Analysis: Seamus Brennan must wonder at the wisdom of his fairly single-minded pursuit of a plan to introduce mandatory pension provision in Ireland.
The publication yesterday by the Pensions Board of its examination of mandatory pension options bore all the signs of a work completed under duress.
The board itself offered up a "recommended" option but only grudgingly.
"The recommendation is being made in response to the specific request of the Minister for Social and Family Affairs in his letter to the board on February 6th, 2006. It is not a recommendation for or against the introduction of such a system," the report states.
That's hardly a ringing endorsement of the policy path the Minister has seemed set on.
The Department of Finance has set its face firmly against the idea, not least because, however it is proposed, mandatory pensions look certain to cost it a significant sum of money.
Business leaders have consistently opposed the idea of mandatory coverage and, when it became apparent that the group would have to recommend one or other option for such a scheme, its representative, Marie Daly, simply walked away.
Ibec's case is rooted in concerns both about cost and the imposition of further red tape on business, but it is also concerned that the Government is not listening to expert counsel, who had strongly suggested giving a revamped voluntary approach to pensions a fair run just eight months ago.
It's hardly surprising that, having had this report for more than a month, the Minister for Social and Family Affairs chose to publish it quietly in the middle of the political holiday season.

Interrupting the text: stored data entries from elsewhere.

(* Let $\hat a,\hat b\in\hat{\mathbb Q}$ and suppose there exist $\hat q,\hat p\in\hat{\mathbb U}$ with $\hat a\hat q=\hat p\hat b$. Suppose $\hat a=\hat x^*\hat\lambda\hat x$ and $\hat b=\hat y^*\hat\mu\hat y$, where $\hat x,\hat y\in\hat{\mathbb U}$ and $\hat\lambda=\lambda_1+\lambda_2\varepsilon$, $\hat\mu=\mu_1+\mu_2\varepsilon\in\mathbb{DC}$ with $\lambda_1,\mu_1\notin\mathbb R$. For $\hat m\in\hat{\mathbb U}$ define $$Q(\hat m)=\hat x^*\,(\overline{\lambda_1}/|\lambda_1|)\big(1-\operatorname{Im}(\lambda_2\overline{\lambda_1}/|\lambda_1|^2)\,i\,\varepsilon\big)\,\hat m\,\hat y,$$ $$P(\hat m)=\hat x^*\,\hat m\,\big(1-\operatorname{Im}(\mu_2\overline{\mu_1}/|\mu_1|^2)\,i\,\varepsilon\big)(\overline{\mu_1}/|\mu_1|)\,\hat y.$$ Then $$\{(\hat q,\hat p)\in\hat{\mathbb U}\times\hat{\mathbb U}:\hat a\hat q=\hat p\hat b\}=\{(Q(\hat m),P(\hat m)):\hat m\in\hat{\mathbb U}\}.$$
   Context: $\mathbb{Q}$ denotes the real quaternions with units $i,j,k$; complex numbers are identified with quaternions $a+bi$ (so $i$ above is the imaginary unit). $\varepsilon$ satisfies $\varepsilon\ne0$, $\varepsilon^2=0$ and commutes with quaternions. $\hat{\mathbb Q}$ is the set of dual quaternions $\tilde p_{st}+\tilde p_{\mathcal I}\varepsilon$ with quaternions $\tilde p_{st},\tilde p_{\mathcal I}$, conjugate $\hat p^*=\tilde p_{st}^*+\tilde p_{\mathcal I}^*\varepsilon$. $\mathbb{DC}$ is the set of dual complex numbers $a+b\varepsilon$, $a,b\in\mathbb C$. $\hat{\mathbb U}$ is the set of unit dual quaternions, i.e. $\hat p$ with $|\hat p|=1$, where $|\hat p|=|\tilde p_{st}|+\frac{\mathrm{sc}(\tilde p_{st}^*\tilde p_{\mathcal I})}{|\tilde p_{st}|}\varepsilon$ for $\tilde p_{st}\ne0$, $\mathrm{sc}(\tilde p)=\frac12(\tilde p+\tilde p^* )$; equivalently $\hat p^*\hat p=\hat p\hat p^*=1$. $\operatorname{Re},\operatorname{Im}$ are real and imaginary parts of complex numbers. *)

From Stdlib Require Import Reals.
Open Scope R_scope.

Record quat := mkQ { q0 : R; q1 : R; q2 : R; q3 : R }.

Definition qadd (p q : quat) : quat :=
  mkQ (q0 p + q0 q) (q1 p + q1 q) (q2 p + q2 q) (q3 p + q3 q).

Definition qmul (p q : quat) : quat :=
  mkQ (q0 p * q0 q - q1 p * q1 q - q2 p * q2 q - q3 p * q3 q)
      (q0 p * q1 q + q1 p * q0 q + q2 p * q3 q - q3 p * q2 q)
      (q0 p * q2 q - q1 p * q3 q + q2 p * q0 q + q3 p * q1 q)
      (q0 p * q3 q + q1 p * q2 q - q2 p * q1 q + q3 p * q0 q).

Definition qconj (p : quat) : quat := mkQ (q0 p) (- q1 p) (- q2 p) (- q3 p).

Definition qzero : quat := mkQ 0 0 0 0.
Definition qone : quat := mkQ 1 0 0 0.

(* Dual quaternions  p_st + p_I eps, eps^2 = 0, eps central. *)
Record dquat := mkDQ { dst : quat; dinf : quat }.

Definition dqmul (p q : dquat) : dquat :=
  mkDQ (qmul (dst p) (dst q)) (qadd (qmul (dst p) (dinf q)) (qmul (dinf p) (dst q))).

Definition dqconj (p : dquat) : dquat := mkDQ (qconj (dst p)) (qconj (dinf p)).

Definition dqone : dquat := mkDQ qone qzero.

Definition dq_unit (p : dquat) : Prop := dqmul (dqconj p) p = dqone /\ dqmul p (dqconj p) = dqone.

Record cplx := mkC { cRe : R; cIm : R }.
Definition cmul (z w : cplx) : cplx :=
  mkC (cRe z * cRe w - cIm z * cIm w) (cRe z * cIm w + cIm z * cRe w).
Definition cconj (z : cplx) : cplx := mkC (cRe z) (- cIm z).
Definition cabs (z : cplx) : R := sqrt (cRe z ^ 2 + cIm z ^ 2).
Definition cscale (r : R) (z : cplx) : cplx := mkC (r * cRe z) (r * cIm z).
Definition c2q (z : cplx) : quat := mkQ (cRe z) (cIm z) 0 0.

Definition dc (z1 z2 : cplx) : dquat := mkDQ (c2q z1) (c2q z2).
Definition c2dq (z : cplx) : dquat := dc z (mkC 0 0).

Definition one_minus_ieps (t : R) : dquat := mkDQ qone (mkQ 0 (- t) 0 0).

Definition phase_inv (l1 : cplx) : cplx := cscale (/ cabs l1) (cconj l1).
Definition im_ratio (l1 l2 : cplx) : R := cIm (cscale (/ (cabs l1 ^ 2)) (cmul l2 (cconj l1))).

Definition Qmap (x y : dquat) (l1 l2 : cplx) (m : dquat) : dquat :=
  dqmul (dqmul (dqmul (dqmul (dqconj x) (c2dq (phase_inv l1)))
                      (one_minus_ieps (im_ratio l1 l2))) m) y.

Definition Pmap (x y : dquat) (m1 m2 : cplx) (m : dquat) : dquat :=
  dqmul (dqmul (dqmul (dqmul (dqconj x) m) (one_minus_ieps (im_ratio m1 m2)))
               (c2dq (phase_inv m1))) y.

From Stdlib Require Import Reals Lra Nsatz.
Open Scope R_scope.

(* A dual complex number L = l1 + l2 eps with l1 <> 0 factors as L = |L| U^*, where |L| is a
   dual real number with positive real part and U = (conj l1 / |l1|) (1 - t i eps) is the unit
   used in the definition of Q; likewise for M = m1 + m2 eps.  Hence a = |L| u and b = |M| w
   with unit dual quaternions u, w.  A single solution of a q = p b forces a a^* = b b^*, that
   is |L|^2 = |M|^2 and so |L| = |M|; cancelling this invertible central factor, a q = p b
   becomes u q = p w, whose unit solutions are q = u^* n, p = n w^* with n a unit.
   Substituting n = x^* m y gives the pairs (Q m, P m). *)

Ltac dq_ring :=
  repeat match goal with p : dquat |- _ => destruct p as [[? ? ? ?] [? ? ? ?]] end;
  cbv [dqmul dqconj dqone qmul qadd qconj qone qzero dc c2q]; simpl;
  f_equal; f_equal; ring.

Lemma dqmul_assoc p q r : dqmul p (dqmul q r) = dqmul (dqmul p q) r.
Proof. dq_ring. Qed.

Ltac dq_assoc := repeat rewrite dqmul_assoc; reflexivity.

Lemma dqmul_1_l p : dqmul dqone p = p.
Proof. dq_ring. Qed.

Lemma dqmul_1_r p : dqmul p dqone = p.
Proof. dq_ring. Qed.

Lemma dqconj_mul p q : dqconj (dqmul p q) = dqmul (dqconj q) (dqconj p).
Proof. dq_ring. Qed.

Lemma dqconj_involutive p : dqconj (dqconj p) = p.
Proof. dq_ring. Qed.

Lemma dq_unit_mul p q : dq_unit p -> dq_unit q -> dq_unit (dqmul p q).
Proof.
  intros [Hp1 Hp2] [Hq1 Hq2]; split; rewrite dqconj_mul.
  - transitivity (dqmul (dqconj q) (dqmul (dqmul (dqconj p) p) q)); [dq_assoc|].
    now rewrite Hp1, dqmul_1_l.
  - transitivity (dqmul p (dqmul (dqmul q (dqconj q)) (dqconj p))); [dq_assoc|].
    now rewrite Hq2, dqmul_1_l.
Qed.

Lemma dq_unit_conj p : dq_unit p -> dq_unit (dqconj p).
Proof. intros [H1 H2]; split; rewrite dqconj_involutive; assumption. Qed.

Lemma dq_unit_conj_mul_l u z : dq_unit u -> dqmul (dqconj u) (dqmul u z) = z.
Proof. intros [H _]. rewrite dqmul_assoc, H. apply dqmul_1_l. Qed.

Lemma dq_unit_mul_conj_l u z : dq_unit u -> dqmul u (dqmul (dqconj u) z) = z.
Proof. intros [_ H]. rewrite dqmul_assoc, H. apply dqmul_1_l. Qed.

Lemma dq_unit_mul_conj_r u z : dq_unit u -> dqmul (dqmul z u) (dqconj u) = z.
Proof. intros [_ H]. rewrite <- dqmul_assoc, H. apply dqmul_1_r. Qed.

Lemma dq_unit_conj_mul_r u z : dq_unit u -> dqmul (dqmul z (dqconj u)) u = z.
Proof. intros [H _]. rewrite <- dqmul_assoc, H. apply dqmul_1_r. Qed.

Lemma dq_unit_sandwich x w y : dq_unit x -> dq_unit w -> dq_unit y ->
  dq_unit (dqmul (dqmul (dqconj x) w) y).
Proof. intros Hx Hw Hy. apply dq_unit_mul; [apply dq_unit_mul|]; auto using dq_unit_conj. Qed.

Lemma dq_unit_solutions u w q p : dq_unit u -> dq_unit w ->
  (dq_unit q /\ dq_unit p /\ dqmul u q = dqmul p w) <->
  (exists n, dq_unit n /\ q = dqmul (dqconj u) n /\ p = dqmul n (dqconj w)).
Proof.
  intros Hu Hw; split.
  - intros [Hq [Hp E]]. exists (dqmul u q). split; [|split].
    + now apply dq_unit_mul.
    + symmetry; now apply dq_unit_conj_mul_l.
    + rewrite E. symmetry; now apply dq_unit_mul_conj_r.
  - intros [n [Hn [-> ->]]]. split; [|split].
    + apply dq_unit_mul; auto using dq_unit_conj.
    + apply dq_unit_mul; auto using dq_unit_conj.
    + rewrite dq_unit_mul_conj_l, dq_unit_conj_mul_r; auto.
Qed.

Lemma dq_unit_reparam x y (P : dquat -> Prop) : dq_unit x -> dq_unit y ->
  (exists n, dq_unit n /\ P n) <->
  (exists m, dq_unit m /\ P (dqmul (dqmul (dqconj x) m) y)).
Proof.
  intros Hx Hy; split.
  - intros [n [Hn HP]]. exists (dqmul (dqmul x n) (dqconj y)). split.
    + apply dq_unit_mul; [apply dq_unit_mul|]; auto using dq_unit_conj.
    + rewrite <- dqmul_assoc, dq_unit_conj_mul_r, dq_unit_conj_mul_l; auto.
  - intros [m [Hm HP]]. exists (dqmul (dqmul (dqconj x) m) y).
    split; auto using dq_unit_sandwich.
Qed.

Definition dreal (r0 r1 : R) : dquat := mkDQ (mkQ r0 0 0 0) (mkQ r1 0 0 0).

Lemma dreal_central r0 r1 p : dqmul (dreal r0 r1) p = dqmul p (dreal r0 r1).
Proof. unfold dreal; dq_ring. Qed.

Lemma dreal_mul a b c d : dqmul (dreal a b) (dreal c d) = dreal (a * c) (a * d + b * c).
Proof. unfold dreal; dq_ring. Qed.

Lemma dqconj_dreal r0 r1 : dqconj (dreal r0 r1) = dreal r0 r1.
Proof. unfold dreal; dq_ring. Qed.

Lemma dreal_mul_cancel r0 r1 p q : r0 <> 0 ->
  dqmul (dreal r0 r1) p = dqmul (dreal r0 r1) q -> p = q.
Proof.
  intros Hr E.
  assert (Hinv : forall z, dqmul (dreal (/ r0) (- r1 / (r0 * r0))) (dqmul (dreal r0 r1) z) = z).
  { intro z. rewrite dqmul_assoc, dreal_mul.
    replace (/ r0 * r0) with 1 by (field; assumption).
    replace (/ r0 * r1 + - r1 / (r0 * r0) * r0) with 0 by (field; assumption).
    apply dqmul_1_l. }
  now rewrite <- (Hinv p), <- (Hinv q), E.
Qed.

Lemma dreal_sqr_inj r0 r1 s0 s1 : 0 < r0 -> 0 < s0 ->
  dqmul (dreal r0 r1) (dreal r0 r1) = dqmul (dreal s0 s1) (dreal s0 s1) ->
  dreal r0 r1 = dreal s0 s1.
Proof.
  intros Hr Hs E. rewrite !dreal_mul in E. injection E as E0 E1.
  assert (r0 = s0) by nra. subst s0.
  assert (r1 = s1) by nra. now subst s1.
Qed.

Lemma dqmul_dreal_comm p r0 r1 w :
  dqmul p (dqmul (dreal r0 r1) w) = dqmul (dreal r0 r1) (dqmul p w).
Proof. rewrite dqmul_assoc, <- dreal_central. symmetry; apply dqmul_assoc. Qed.

Lemma dreal_mul_unit_norm r0 r1 u : dq_unit u ->
  dqmul (dqmul (dreal r0 r1) u) (dqconj (dqmul (dreal r0 r1) u))
  = dqmul (dreal r0 r1) (dreal r0 r1).
Proof.
  intros Hu. rewrite dqconj_mul, dqconj_dreal, dqmul_assoc.
  now rewrite dq_unit_mul_conj_r.
Qed.

Lemma dreal_factor_unique r0 r1 s0 s1 u w q p : 0 < r0 -> 0 < s0 ->
  dq_unit u -> dq_unit w -> dq_unit q -> dq_unit p ->
  dqmul (dqmul (dreal r0 r1) u) q = dqmul p (dqmul (dreal s0 s1) w) ->
  dreal r0 r1 = dreal s0 s1.
Proof.
  intros Hr Hs Hu Hw Hq Hp E.
  rewrite <- (dqmul_assoc (dreal r0 r1)), dqmul_dreal_comm in E.
  apply dreal_sqr_inj; auto.
  rewrite <- (dreal_mul_unit_norm r0 r1 (dqmul u q)), <- (dreal_mul_unit_norm s0 s1 (dqmul p w)),
    E; auto using dq_unit_mul.
Qed.

Lemma dreal_factor_cancel r0 r1 u w q p : r0 <> 0 ->
  dqmul (dqmul (dreal r0 r1) u) q = dqmul p (dqmul (dreal r0 r1) w) <->
  dqmul u q = dqmul p w.
Proof.
  intros Hr.
  rewrite <- (dqmul_assoc (dreal r0 r1)), dqmul_dreal_comm.
  split; [apply dreal_mul_cancel; assumption | intros ->; reflexivity].
Qed.

Lemma dreal_sandwich_polar x L W r0 r1 : dq_unit x -> dq_unit W ->
  dqmul L W = dreal r0 r1 ->
  dqmul (dqmul (dqconj x) L) x
  = dqmul (dreal r0 r1) (dqmul (dqmul (dqconj x) (dqconj W)) x).
Proof.
  intros Hx HW HL.
  rewrite <- (dq_unit_mul_conj_r W L HW), HL, dqmul_assoc, <- (dreal_central r0 r1 (dqconj x)).
  dq_assoc.
Qed.

Lemma c2dq_one_minus_ieps_comm z t :
  dqmul (c2dq z) (one_minus_ieps t) = dqmul (one_minus_ieps t) (c2dq z).
Proof. unfold c2dq, one_minus_ieps; dq_ring. Qed.

Lemma cabs_sqr z : cabs z * cabs z = cRe z * cRe z + cIm z * cIm z.
Proof. unfold cabs. rewrite sqrt_sqrt; nra. Qed.

Lemma cabs_pos z : cIm z <> 0 -> 0 < cabs z.
Proof. intros H. unfold cabs. apply sqrt_lt_R0. nra. Qed.

Lemma c2dq_unit z : cRe z * cRe z + cIm z * cIm z = 1 -> dq_unit (c2dq z).
Proof.
  intros H. unfold dq_unit.
  cbv [dqmul dqconj dqone qmul qadd qconj qone qzero c2dq dc c2q]; simpl.
  split; f_equal; f_equal; lra.
Qed.

Lemma one_minus_ieps_unit t : dq_unit (one_minus_ieps t).
Proof. unfold dq_unit, one_minus_ieps. split; dq_ring. Qed.

Lemma phase_inv_norm l : 0 < cabs l ->
  cRe (phase_inv l) * cRe (phase_inv l) + cIm (phase_inv l) * cIm (phase_inv l) = 1.
Proof.
  intros Hl. pose proof (cabs_sqr l) as Hn. unfold phase_inv, cscale, cconj; simpl.
  set (n := cabs l) in *. clearbody n.
  transitivity ((cRe l * cRe l + cIm l * cIm l) / (n * n)); [field; lra|].
  rewrite <- Hn. field. lra.
Qed.

Definition dc_phase_inv (l1 l2 : cplx) : dquat :=
  dqmul (c2dq (phase_inv l1)) (one_minus_ieps (im_ratio l1 l2)).

Definition dc_abs (l1 l2 : cplx) : dquat :=
  dreal (cabs l1) ((cRe l1 * cRe l2 + cIm l1 * cIm l2) / cabs l1).

Lemma dc_phase_inv_unit l1 l2 : 0 < cabs l1 -> dq_unit (dc_phase_inv l1 l2).
Proof.
  intros Hl. apply dq_unit_mul.
  - apply c2dq_unit, phase_inv_norm; assumption.
  - apply one_minus_ieps_unit.
Qed.

Lemma dc_mul_phase_inv l1 l2 : 0 < cabs l1 ->
  dqmul (dc l1 l2) (dc_phase_inv l1 l2) = dc_abs l1 l2.
Proof.
  intros Hl. pose proof (cabs_sqr l1) as Hn.
  destruct l1 as [a b], l2 as [c d].
  cbv [dc_phase_inv dc_abs dreal dqmul qmul qadd dc c2dq c2q phase_inv cscale cconj
       one_minus_ieps im_ratio cmul qone] in *; simpl in *.
  set (n := cabs {| cRe := a; cIm := b |}) in *. clearbody n.
  f_equal; f_equal.
  all: field_simplify_eq; [simpl; nsatz | lra].
Qed.

Lemma Qmap_eq x y l1 l2 : dq_unit x -> forall m,
  Qmap x y l1 l2 m
  = dqmul (dqconj (dqmul (dqmul (dqconj x) (dqconj (dc_phase_inv l1 l2))) x))
          (dqmul (dqmul (dqconj x) m) y).
Proof.
  intros Hx m. rewrite !dqconj_mul, !dqconj_involutive.
  transitivity (dqmul (dqmul (dqconj x)
    (dqmul (dc_phase_inv l1 l2) (dqmul x (dqmul (dqconj x) m)))) y); [|dq_assoc].
  rewrite dq_unit_mul_conj_l by assumption.
  unfold Qmap, dc_phase_inv. dq_assoc.
Qed.

Lemma Pmap_eq x y m1 m2 : dq_unit y -> forall m,
  Pmap x y m1 m2 m
  = dqmul (dqmul (dqmul (dqconj x) m) y)
          (dqconj (dqmul (dqmul (dqconj y) (dqconj (dc_phase_inv m1 m2))) y)).
Proof.
  intros Hy m. rewrite !dqconj_mul, !dqconj_involutive.
  transitivity (dqmul (dqmul (dqconj x) m)
    (dqmul (dqmul y (dqmul (dqconj y) (dc_phase_inv m1 m2))) y)); [|dq_assoc].
  rewrite dq_unit_mul_conj_l by assumption.
  unfold Pmap, dc_phase_inv.
  rewrite c2dq_one_minus_ieps_comm.
  dq_assoc.
Qed.

Theorem theorem3p2 (a b x y : dquat) (l1 l2 m1 m2 : cplx) :
  (exists q p : dquat, dq_unit q /\ dq_unit p /\ dqmul a q = dqmul p b) ->
  dq_unit x -> dq_unit y ->
  a = dqmul (dqmul (dqconj x) (dc l1 l2)) x ->
  b = dqmul (dqmul (dqconj y) (dc m1 m2)) y ->
  cIm l1 <> 0 -> cIm m1 <> 0 ->
  forall q p : dquat,
    (dq_unit q /\ dq_unit p /\ dqmul a q = dqmul p b) <->
    (exists m : dquat, dq_unit m /\ q = Qmap x y l1 l2 m /\ p = Pmap x y m1 m2 m).
Proof.
  intros [q0 [p0 [Hq0 [Hp0 E0]]]] Hx Hy Ha Hb Hl Hm q p.
  apply cabs_pos in Hl, Hm.
  set (u := dqmul (dqmul (dqconj x) (dqconj (dc_phase_inv l1 l2))) x).
  set (w := dqmul (dqmul (dqconj y) (dqconj (dc_phase_inv m1 m2))) y).
  assert (Hu : dq_unit u)
    by (apply dq_unit_sandwich; auto using dq_unit_conj, dc_phase_inv_unit).
  assert (Hw : dq_unit w)
    by (apply dq_unit_sandwich; auto using dq_unit_conj, dc_phase_inv_unit).
  assert (Ha' : a = dqmul (dc_abs l1 l2) u)
    by (rewrite Ha; apply dreal_sandwich_polar; auto using dc_phase_inv_unit, dc_mul_phase_inv).
  assert (Hb' : b = dqmul (dc_abs m1 m2) w)
    by (rewrite Hb; apply dreal_sandwich_polar; auto using dc_phase_inv_unit, dc_mul_phase_inv).
  unfold dc_abs in Ha', Hb'. rewrite Ha', Hb' in E0 |- *.
  rewrite <- (dreal_factor_unique _ _ _ _ u w q0 p0 Hl Hm Hu Hw Hq0 Hp0 E0).
  rewrite dreal_factor_cancel, dq_unit_solutions, (dq_unit_reparam x y _ Hx Hy) by lra || assumption.
  split; intros [m [Hm' [-> ->]]]; exists m;
    rewrite (Qmap_eq x y l1 l2 Hx), (Pmap_eq x y m1 m2 Hy); auto.
Qed.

The whole performance was closely akin to the scuttling of a poorly engineered vessel.
Mr Brennan was putting a brave face on it yesterday, talking about "real progress" in addressing the pensions issue.
The biggest problem for the Minister, though, is selling the idea of mandatory pensions as anything other than an additional tax. It has already been put off to beyond next year's general election under the terms of Towards 2016, the national agreement currently in the process of being ratified.
Under that document, the Government has agreed to publish a Green Paper on options to address a shortfall in pensions savings. But that won't happen until 12 months after ratification - putting it towards the end of 2007.
At that stage, if a growing chorus of economists is to be believed, consumers and the economy are going to start feeling the post-SSIA blues. Any move to part them from a further 5 per cent of their pay in those circumstances is unlikely to go down well politically.
The scheme proposed by the Pensions Board is, by its own admission, some way short of a consensus view.
Chairman Tiarnan O'Mahoney felt the need to write in the letter accompanying the report to the Minister: "The views expressed in this report are the collective views of the board and do not necessarily represent the views of nominating representatives".
Apart from senior Department of Finance mandarin William Beausang, who expressly poured cold water on the whole idea, and Ibec's Marie Daly, it seems clear there are significant differences even among the remaining nine members of the group.
Last night, the Minister appeared to accept this when he said any proposed solution to the potential pensions crisis in future years would have to be "financially and economically sustainable" for both employers and the Exchequer.